> [Assigned task] Across all the entries below, how many lines mention the string "gives"? Respond with a single number.

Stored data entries
(* For even $m\ge 10$, let $T_m:=K_1\vee\bigl(K_4\cup (m-10)K_1\bigr)$, i.e. the graph consisting of a vertex $u^*$ adjacent to all vertices of a disjoint union of a $K_4$ and $m-10$ isolated vertices (so $T_m$ has $m$ edges). Then $T_m$ is $H(4,3)$-free, $\rho(T_m)>\rho'(m)$ for $m\in\{10,12,14,16\}$, and $\rho(T_m)<\rho'(m)$ for every even $m\ge 18$.
   Context: All graphs are finite, simple and undirected; $\rho(G)$ denotes the adjacency spectral radius of $G$. $H(4,3)$ is the graph obtained from a $4$-cycle and a triangle by identifying one vertex of the $4$-cycle with one vertex of the triangle; $H(4,3)$-free means containing no subgraph isomorphic to $H(4,3)$. $G_1\vee G_2$ denotes the join (disjoint union plus all edges between the two parts), and $\cup$ denotes disjoint union. For even $m$, $\rho'(m)$ is the largest real root of $p_m(x)=x^4-mx^2-(m-2)x+\frac{m}{2}-1$. *)

From HB Require Import structures.
From mathcomp Require Import all_boot all_order all_algebra.
From mathcomp Require Import classical_sets reals.
Set Implicit Arguments. Unset Strict Implicit. Unset Printing Implicit Defensive.
Import Order.TTheory GRing.Theory Num.Theory.
Local Open Scope ring_scope.
Local Open Scope classical_set_scope.

Definition simple_graph (V : finType) (e : rel V) : Prop :=
  (forall x y, e x y = e y x) /\ (forall x, e x x = false).

(* H(4,3): 4-cycle 0-1-2-3-0 and triangle 0-4-5-0, sharing vertex 0. *)
Definition H43_edges : seq (nat * nat) :=
  [:: (0,1); (1,2); (2,3); (3,0); (0,4); (4,5); (5,0)]%N.

Definition H43_adj : rel 'I_6 :=
  fun i j => ((nat_of_ord i, nat_of_ord j) \in H43_edges)
          || ((nat_of_ord j, nat_of_ord i) \in H43_edges).

Definition contains_subgraph (VH V : finType) (eH : rel VH) (e : rel V) : Prop :=
  exists f : VH -> V, injective f /\ forall x y, eH x y -> e (f x) (f y).

Definition H43_free (V : finType) (e : rel V) : Prop :=
  ~ contains_subgraph H43_adj e.

(* Adjacency matrix and adjacency spectral radius (max modulus of an
   eigenvalue; adjacency matrices are real symmetric so all eigenvalues
   are real). *)
Definition adj_matrix (R : nzRingType) (n : nat) (e : rel 'I_n) : 'M[R]_n :=
  \matrix_(i, j) (e i j)%:R.

Definition spectral_radius (R : realType) (n : nat) (e : rel 'I_n) : R :=
  sup [set `|a| | a in [set a : R | eigenvalue (adj_matrix R e) a]].

(* T_m = K_1 v (K_4 u (m-10) K_1) on vertex set 'I_(m-5): vertex 0 is u*,
   vertices 1..4 form the K_4, vertices 5..m-6 are the isolated ones. *)
Definition T_adj (m : nat) : rel 'I_(m - 5) :=
  fun i j => (i != j) &&
    [|| nat_of_ord i == 0%N, nat_of_ord j == 0%N
      | (nat_of_ord i <= 4)%N && (nat_of_ord j <= 4)%N].

Definition p_poly (R : realType) (m : nat) : {poly R} :=
  'X^4 - (m%:R : R) *: 'X^2 - ((m%:R : R) - 2) *: 'X + ((m%:R : R) / 2 - 1)%:P.

Definition rho' (R : realType) (m : nat) : R :=
  sup [set x : R | root (p_poly R m) x].
Arguments T_adj m : clear implicits.

(* T_m is H(4,3)-free because every vertex of H(4,3) has two neighbours, whereas
   only the five vertices of the K_5 formed by u* and the K_4 have more than one
   neighbour in T_m.

   The partition of T_m into u*, the K_4 and the k = m - 10 pendant vertices is
   equitable: an eigenvector for an eigenvalue a other than 0 and -1 is constant
   on each class, so a is a root of the cubic x^3 - 3x^2 - (4 + k)x + 3k of the
   quotient matrix, and conversely every root other than 0 and 3 of this cubic
   is an eigenvalue.  For m <= 16 an explicit c with cubic(c) < 0 and with p_m
   positive and increasing on [c, oo) gives rho'(m) <= c < rho(T_m).  For
   m >= 18 put s^2 = k + 4 >= 12, so the cubic is (x - 3)(x^2 - s^2) - 12: its
   roots have modulus below c = s + 18/(5s), while p_m(c) < 0, which gives
   rho(T_m) <= c < rho'(m). *)

From HB Require Import structures.
From mathcomp Require Import all_boot all_order all_algebra.
From mathcomp Require Import classical_sets reals.
From mathcomp Require Import zify ring lra.
Set Implicit Arguments. Unset Strict Implicit. Unset Printing Implicit Defensive.
Import Order.TTheory GRing.Theory Num.Theory.

Lemma T_adj_simple m : simple_graph (T_adj m).
Proof.
split => [x y|x]; last by rewrite /T_adj eqxx.
rewrite /T_adj eq_sym; congr andb.
by case: (nat_of_ord x == 0%N); case: (nat_of_ord y == 0%N); rewrite //= andbC.
Qed.

Lemma H43_two_neighbours (x : 'I_6) :
  exists y z : 'I_6, [&& H43_adj x y, H43_adj x z & y != z].
Proof.
case: x => [[|[|[|[|[|[|x]]]]]] hx] //.
- by exists (@Ordinal 6 1 isT), (@Ordinal 6 3 isT).
- by exists (@Ordinal 6 0 isT), (@Ordinal 6 2 isT).
- by exists (@Ordinal 6 1 isT), (@Ordinal 6 3 isT).
- by exists (@Ordinal 6 0 isT), (@Ordinal 6 2 isT).
- by exists (@Ordinal 6 0 isT), (@Ordinal 6 5 isT).
- by exists (@Ordinal 6 0 isT), (@Ordinal 6 4 isT).
Qed.

Lemma T_adj_pendant m (i j : 'I_(m - 5)) :
  T_adj m i j -> (4 < i)%N -> nat_of_ord j = 0%N.
Proof. by rewrite /T_adj => /andP[_] /or3P[/eqP|/eqP //|/andP[]]; lia. Qed.
(* Let $\Gamma_1=(N,A,u)$ and $\Gamma_2=(M,B,v)$ be games and let $g=(\pi;(\tau_i)_{i\in N})$ be a cardinal game isomorphism from $\Gamma_1$ to $\Gamma_2$. Then for each $i\in N$ there exist $\beta_i>0$ and $\gamma_i\in\mathbb{R}$ with $\beta_i\tilde u_i(\sigma)+\gamma_i=\tilde v_{g.i}(g.\sigma)$ for all $\sigma\in\Delta(A)$, and $g$ preserves: (1) the players' best response correspondences: for all $i\in N$ and $\sigma\in\Delta(A)$, $\sigma_i\in\tilde b_i(\sigma_{-i})$ in $\Gamma_1$ if and only if $(g.\sigma)_{g.i}\in\tilde b_{g.i}((g.\sigma)_{-g.i})$ in $\Gamma_2$; (2) the game's best response correspondence: for all $\sigma,\sigma'\in\Delta(A)$, $\sigma\in\tilde b(\sigma')$ in $\Gamma_1$ if and only if $g.\sigma\in\tilde b(g.\sigma')$ in $\Gamma_2$; (3) mixed strategy Nash equilibria: $\sigma$ is a Nash equilibrium of $\Gamma_1$ if and only if $g.\sigma$ is a Nash equilibrium of $\Gamma_2$; (4) strict dominance of mixed strategies over pure strategies: for $i\in N$, $\sigma_i\in\Delta(A_i)$ and $s_i\in A_i$, $\sigma_i$ strictly dominates $s_i$ for player $i$ in $\Gamma_1$ if and only if $\sigma_i\circ\tau_i^{-1}$ strictly dominates $\tau_i(s_i)$ for player $\pi(i)$ in $\Gamma_2$.
   Context: A (finite normal-form) game $\Gamma=(N,A,u)$ consists of a finite set $N$ of at least two players, a finite non-empty strategy set $A_i$ for each $i\in N$, $A=\times_{i\in N}A_i$, and utility functions $u_i:A\to\mathbb{R}$. $\Delta(A_i)$ is the set of probability distributions on $A_i$, $\Delta(A)=\times_{i\in N}\Delta(A_i)$, $\Delta(A_{-i})=\times_{j\neq i}\Delta(A_j)$, $\sigma(s)=\prod_i\sigma_i(s_i)$, and the expected utility is $\tilde u_i(\sigma)=\sum_{s\in A}\sigma(s)u_i(s)$ (pure strategies are identified with point-mass distributions). A game bijection $g=(\pi;(\tau_i)_{i\in N})$ from $\Gamma_1=(N,A,u)$ to $\Gamma_2=(M,B,v)$ consists of a bijection $\pi:N\to M$ and bijections $\tau_i:A_i\to B_{\pi(i)}$; write $g.i=\pi(i)$ and $g.\sigma\in\Delta(B)$ for the mixed profile whose component for player $\pi(i)$ is $\sigma_i\circ\tau_i^{-1}$. $g$ is a cardinal game isomorphism if for all $i\in N$, $\sigma,\sigma'\in\Delta(A)$: $\tilde u_i(\sigma)\le\tilde u_i(\sigma')\iff\tilde v_{g.i}(g.\sigma)\le\tilde v_{g.i}(g.\sigma')$. Player $i$'s best response correspondence is $\tilde b_i(\sigma_{-i})=\arg\max_{\sigma_i\in\Delta(A_i)}\tilde u_i(\sigma_i,\sigma_{-i})$; the game's is $\tilde b(\sigma)=\{\sigma'\in\Delta(A):\sigma_i'\in\tilde b_i(\sigma_{-i})\ \forall i\}$. $\sigma$ is a Nash equilibrium if no player $i$ has $\sigma_i'\in\Delta(A_i)$ with $\tilde u_i(\sigma_i',\sigma_{-i})>\tilde u_i(\sigma_i,\sigma_{-i})$. $\sigma_i\in\Delta(A_i)$ strictly dominates $s_i\in A_i$ if $\tilde u_i(\sigma_i,\sigma_{-i})>\tilde u_i(s_i,\sigma_{-i})$ for all $\sigma_{-i}\in\Delta(A_{-i})$. *)

From HB Require Import structures.
From mathcomp Require Import all_boot all_order all_algebra.
From mathcomp Require Import reals.
Unset Printing Implicit Defensive.
Import Order.TTheory GRing.Theory Num.Theory.
Local Open Scope ring_scope.
Lemma toric_ideal_mcoeff0 p : toric_ideal M p -> p@_0 = 0.
Proof.
move=> /(congr1 (fun q : {poly K} => q`_0)); rewrite coef_toric_map coef0 => <-.
rewrite {1}(mpolyE p) raddf_sum /=; apply: eq_bigr => m _.
by rewrite mcoeffZ mcoeffX mwgt_eq0.
Qed.

End ToricMap.

Lemma ord4P (P : 'I_4 -> Prop) : P 0 -> P 1 -> P 2 -> P 3 -> forall i, P i.
Proof.
move=> P0 P1 P2 P3 [[|[|[|[|//]]]] lt_i4];
  [have -> : Ordinal lt_i4 = 0 | have -> : Ordinal lt_i4 = 1
  | have -> : Ordinal lt_i4 = 2 | have -> : Ordinal lt_i4 = 3]; by [apply/val_inj |].
Qed.

Section BinomialIdeal.
Variables (K : fieldType) (b : nat).
Local Notation a := b.*2.+1.
Local Notation J := (gens K a).
Local Notation x1 := ('X_0 : {mpoly K[4]}).
Local Notation x2 := ('X_1 : {mpoly K[4]}).
Local Notation x3 := ('X_2 : {mpoly K[4]}).
Local Notation x4 := ('X_3 : {mpoly K[4]}).

Lemma in_ideal_gens_comb c1 c2 c3 c4 p :
  p = c1 * (x1 ^+ b.+1 - x3 * x4) + c2 * (x1 ^+ 3 - x2 ^+ 2)
      + c3 * (x3 ^+ a.+2 - x4 ^+ a) + c4 * (x1 * x4 - x2 * x3) ->
  in_ideal J p.
Proof.
move=> ->; exists (fun j => nth 0 [:: c1; c2; c3; c4] j).
rewrite !big_ord_recr big_ord0 /gens /= addn2 add0r.
by have -> : ((a + 1) %/ 2 = b.+1)%N by lia.
Qed.

Definition nf_even (w : nat) : {mpoly K[4]} :=
  if (4 %| w)%N then x1 ^+ (w %/ 4) else x2 * x1 ^+ ((w - 6) %/ 4).

(* [nf w] has weight [w] only when [a + 6 <= w]: below that bound the
   truncated subtractions make it meaningless. *)
Definition nf (w : nat) : {mpoly K[4]} :=
  if odd w then x3 * nf_even (w - a) else nf_even w.

Lemma nf_even_mulX1 w : ~~ odd w -> (6 <= w)%N -> x1 * nf_even w = nf_even (w + 4).
Proof.
move=> ev_w le6w; rewrite /nf_even (dvdn_addl w (dvdnn 4)).
case: ifP => dvd_w; first by rewrite -exprS; congr (_ ^+ _); lia.
by rewrite mulrCA -exprS; congr (_ * _ ^+ _); lia.
Qed.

> [Answer box] 2